First Sea Lord, Admiral Sir Philip Jones, spoke of the threats faced by the Royal Navy, during a speech at the Royal United Services Institute.
Warning that today’s armed forces ‘must work in an increasingly complex battle space’, he said the ‘degree of superiority at sea’ which Western navies previously enjoyed post Cold War is diminishing, as the space they operate in becomes more congested.
‘You don’t need to look very far to see rising and resurgent powers flex their muscles,’ he said. ‘It’s now clear that the peaks of Russian submarine activity that we’ve seen in the north Atlantic in recent years are the new norm.
‘The same is true of the steady stream of vessels passing the UK on their way to join the Baltic, Mediterranean and Black Sea fleets.’
The Admiral’s comments come just days after the navy revealed it had been shadowing a Russian destroyer through British waters for the second weekend running.
He added there are currently almost 500 submarines being operated in the world’s oceans by more than 40 navies.
Sir Philip also highlighted how China’s navy now routinely deploys to the Middle East, Somali Basin and Gulf of Guinea, with Russian-Chinese naval exercises regularly being staged in the Baltic.
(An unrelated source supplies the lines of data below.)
(* Let $m,n\ge 1$ be integers and $\beta>0$. Let $U:\mathbb{R}^m\to\mathbb{R}$, let $\mathbf m:\mathbb{R}^m\to\mathbb{R}^{m\times m}$ take values in symmetric positive definite matrices, let $\mathbf H:\mathbb{R}^m\to\mathbb{R}^{m\times nm}$, and let $\boldsymbol\Gamma,\mathbf D:\mathbb{R}^m\to\mathbb{R}^{nm\times nm}$, all smooth. Define on $\widehat{\mathbf z}=(\mathbf q,\mathbf p,\boldsymbol\chi)\in\mathbb{R}^m\times\mathbb{R}^m\times\mathbb{R}^{nm}$ the extended free energy $$\widehat F(\mathbf q,\mathbf p,\boldsymbol\chi)=U(\mathbf q)+\tfrac12\mathbf p^\top\mathbf m(\mathbf q)^{-1}\mathbf p+\tfrac12\beta^{-1}\ln\det[\mathbf m(\mathbf q)]+\tfrac12\boldsymbol\chi^\top\boldsymbol\chi,$$ and consider the SDE $$\mathrm d\begin{pmatrix}\mathbf q\\ \mathbf p\\ \boldsymbol\chi\end{pmatrix}=\begin{pmatrix}0&\mathbf I&0\\ -\mathbf I&0&-\mathbf H(\mathbf q)\\ 0&\mathbf H(\mathbf q)^\top&\boldsymbol\Gamma(\mathbf q)\end{pmatrix}\nabla\widehat F(\mathbf q,\mathbf p,\boldsymbol\chi)\,\mathrm dt+\begin{pmatrix}0\\0\\ \mathbf D(\mathbf q)\,\mathrm d\mathbf W_t\end{pmatrix},$$ where $\mathbf W_t$ is a standard Brownian motion in $\mathbb{R}^{nm}$. If $\mathbf D(\mathbf q)\mathbf D(\mathbf q)^\top=-\beta^{-1}\big(\boldsymbol\Gamma(\mathbf q)+\boldsymbol\Gamma(\mathbf q)^\top\big)$ for all $\mathbf q$, then this SDE has the invariant distribution $$\rho_0(\mathbf q,\mathbf p,\boldsymbol\chi)\propto\frac{1}{(2\pi)^{m/2}\det[\mathbf m(\mathbf q)]^{1/2}}\exp\!\Big[-\beta\Big(U(\mathbf q)+\tfrac12\mathbf p^\top\mathbf m(\mathbf q)^{-1}\mathbf p+\tfrac12\boldsymbol\chi^\top\boldsymbol\chi\Big)\Big],$$ i.e. $\rho_0$ is a stationary solution of the associated Fokker–Planck equation.
   Context: This is a reduced (coarse-grained) model: $\mathbf q\in\mathbb{R}^m$ are coarse-grained coordinates, $\mathbf p$ their momenta, $\boldsymbol\chi=(\boldsymbol\chi_1;\dots;\boldsymbol\chi_n)$ with $\boldsymbol\chi_i\in\mathbb{R}^m$ auxiliary variables, $U$ a free energy, $\mathbf m(\mathbf q)$ a position-dependent mass matrix, and $\beta$ the inverse temperature. The density $\rho_0$ is assumed normalizable (e.g. $\int e^{-\beta U(\mathbf q)}\,\mathrm d\mathbf q<\infty$). Writing the SDE as $\mathrm d\widehat{\mathbf z}=\widehat{\mathbf J}(\mathbf q)\nabla\widehat F\,\mathrm dt+\widehat{\boldsymbol\Sigma}(\mathbf q)\,\mathrm d\mathbf W_t$, the Fokker–Planck equation is $\partial_t\rho=\nabla\cdot\big(-\widehat{\mathbf J}(\mathbf q)\nabla\widehat F\,\rho+\tfrac12\nabla\cdot(\widehat{\boldsymbol\Sigma}(\mathbf q)\widehat{\boldsymbol\Sigma}(\mathbf q)^\top\rho)\big)$. *)

From mathcomp Require Import all_boot all_order all_algebra all_classical all_reals all_analysis.
Import numFieldNormedType.Exports.
Set Implicit Arguments. Unset Strict Implicit. Unset Printing Implicit Defensive.
Import Order.TTheory GRing.Theory Num.Theory.
Local Open Scope ring_scope.

Fixpoint iter_deriv {R : realType} {V W : normedModType R}
    (vs : seq V) (f : V -> W) : V -> W :=
  match vs with
  | [::] => f
  | v :: vs' => fun x => derive (iter_deriv vs' f) x v
  end.

Definition smooth {R : realType} {V W : normedModType R} (f : V -> W) : Prop :=
  forall (vs : seq V) (x : V), differentiable (iter_deriv vs f) x.
(* Let $n\geq 2$. Then $C(r_{1/n})=P_n\rtimes\mathcal{E}^n_\Delta$; that is, $P_n$ is a normal subgroup of $C(r_{1/n})$, $P_n\cap\mathcal{E}^n_\Delta$ is trivial, and $C(r_{1/n})=P_n\cdot\mathcal{E}^n_\Delta$.
   Context: Identify $\mathbb{T}^1=\mathbb{R}/\mathbb{Z}$ with $[0,1)$. An interval exchange transformation is a bijection of $\mathbb{T}^1$ that is a translation on each piece of some partition of $[0,1)$ into finitely many half-open intervals $[a,b)$; $\mathcal{E}$ is the group of these. $C(f)=\{g\in\mathcal{E}:fg=gf\}$. $r_{1/n}(x)=x+1/n$. Let $I_i=[\frac{i-1}{n},\frac{i}{n})$, $1\le i\le n$. $\mathcal{E}^n_\Delta=\{g\in C(r_{1/n}): g(I_i)=I_i \text{ for } 1\le i\le n\}$. $P_n=\{g\in C(r_{1/n}):$ for every $x\in\mathbb{T}^1$ there is $k\in\mathbb{Z}$ with $g(x)=x+k/n \pmod 1\}$. *)

(* concrete reals R. The circle T^1 = R/Z is identified with
   [0,1); maps are functions R -> R, of which only the values on [0,1) matter. *)
From Stdlib Require Export Reals.
Open Scope R_scope.

Definition in01 (x : R) : Prop := 0 <= x < 1.

Definition mod1 (x : R) : R := x - IZR (Int_part x).

Definition bij01 (f : R -> R) : Prop :=
  (forall x, in01 x -> in01 (f x)) /\
  (forall x y, in01 x -> in01 y -> f x = f y -> x = y) /\
  (forall y, in01 y -> exists x, in01 x /\ f x = y).

Definition IET (f : R -> R) : Prop :=
  bij01 f /\
  exists (k : nat) (a t : nat -> R),
    a O = 0 /\ a k = 1 /\
    (forall i, (i < k)%nat -> a i < a (S i)) /\
    (forall i x, (i < k)%nat -> a i <= x < a (S i) -> f x = mod1 (x + t i)).

Definition feq (f g : R -> R) : Prop := forall x, in01 x -> f x = g x.

Definition idT (x : R) : R := x.

Definition rot (n : nat) (x : R) : R := mod1 (x + / INR n).

Definition Crot (n : nat) (g : R -> R) : Prop :=
  IET g /\ feq (fun x => g (rot n x)) (fun x => rot n (g x)).

Definition Iint (n i : nat) (x : R) : Prop :=
  INR (i - 1) / INR n <= x < INR i / INR n.

Definition EDelta (n : nat) (g : R -> R) : Prop :=
  Crot n g /\
  forall i, (1 <= i <= n)%nat ->
    (forall x, Iint n i x -> Iint n i (g x)) /\
    (forall y, Iint n i y -> exists x, Iint n i x /\ g x = y).

Definition Pn (n : nat) (g : R -> R) : Prop :=
  Crot n g /\
  forall x, in01 x -> exists k : Z, g x = mod1 (x + IZR k / INR n).

Definition inv01 (g g' : R -> R) : Prop :=
  feq (fun x => g' (g x)) idT /\ feq (fun x => g (g' x)) idT.

From Stdlib Require Import Lra Lia ZArith List ClassicalEpsilon Classical.

(* An element [g] of C(r_{1/n}) commutes with all shifts by multiples of [1/n],
   so it induces a map of the circle R/(1/n)Z. Letting that map act inside each
   interval I_i gives an element [diag_part n g] of E^n_Delta, and [g] differs
   from it pointwise by a multiple of [1/n]; hence [g] composed with its inverse
   lies in P_n. The real work is to see that these maps are again interval
   exchanges: we describe an interval exchange by finitely many cut points
   between which it translates mod 1, a description stable under composition,
   inversion and the construction of [diag_part]. Normality of P_n holds because
   shifts by [k/n] commute with C(r_{1/n}); P_n meets E^n_Delta trivially because
   a nontrivial shift by [k/n] moves every point to another interval I_j. *)

(** * Reduction mod 1 *)

Lemma Int_part_unique (z : R) (m : Z) : IZR m <= z < IZR m + 1 -> Int_part z = m.
Proof.
  intros [Hl Hu]; unfold Int_part.
  rewrite <- (tech_up z (m + 1)); rewrite ?plus_IZR; simpl; lra || lia.
Qed.

Lemma Int_part_bounds (z : R) : IZR (Int_part z) <= z < IZR (Int_part z) + 1.
Proof. destruct (base_Int_part z); lra. Qed.

Lemma Int_part_add_IZR (z : R) (m : Z) : Int_part (z + IZR m) = (Int_part z + m)%Z.
Proof. apply Int_part_unique; rewrite plus_IZR; pose proof (Int_part_bounds z); lra. Qed.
‘Our response cannot simply be to avoid operating in these environments; we don’t have that luxury,’ he said.
‘Areas of enclosed water, like the Baltic and the Persian Gulf, are essential to global security today, and will remain so.’
With the commissioning into the navy of HMS Queen Elizabeth in Portsmouth just two weeks away, he said aircraft carriers are a ‘strategic instrument indicative of an ocean-going navy and a global maritime power’.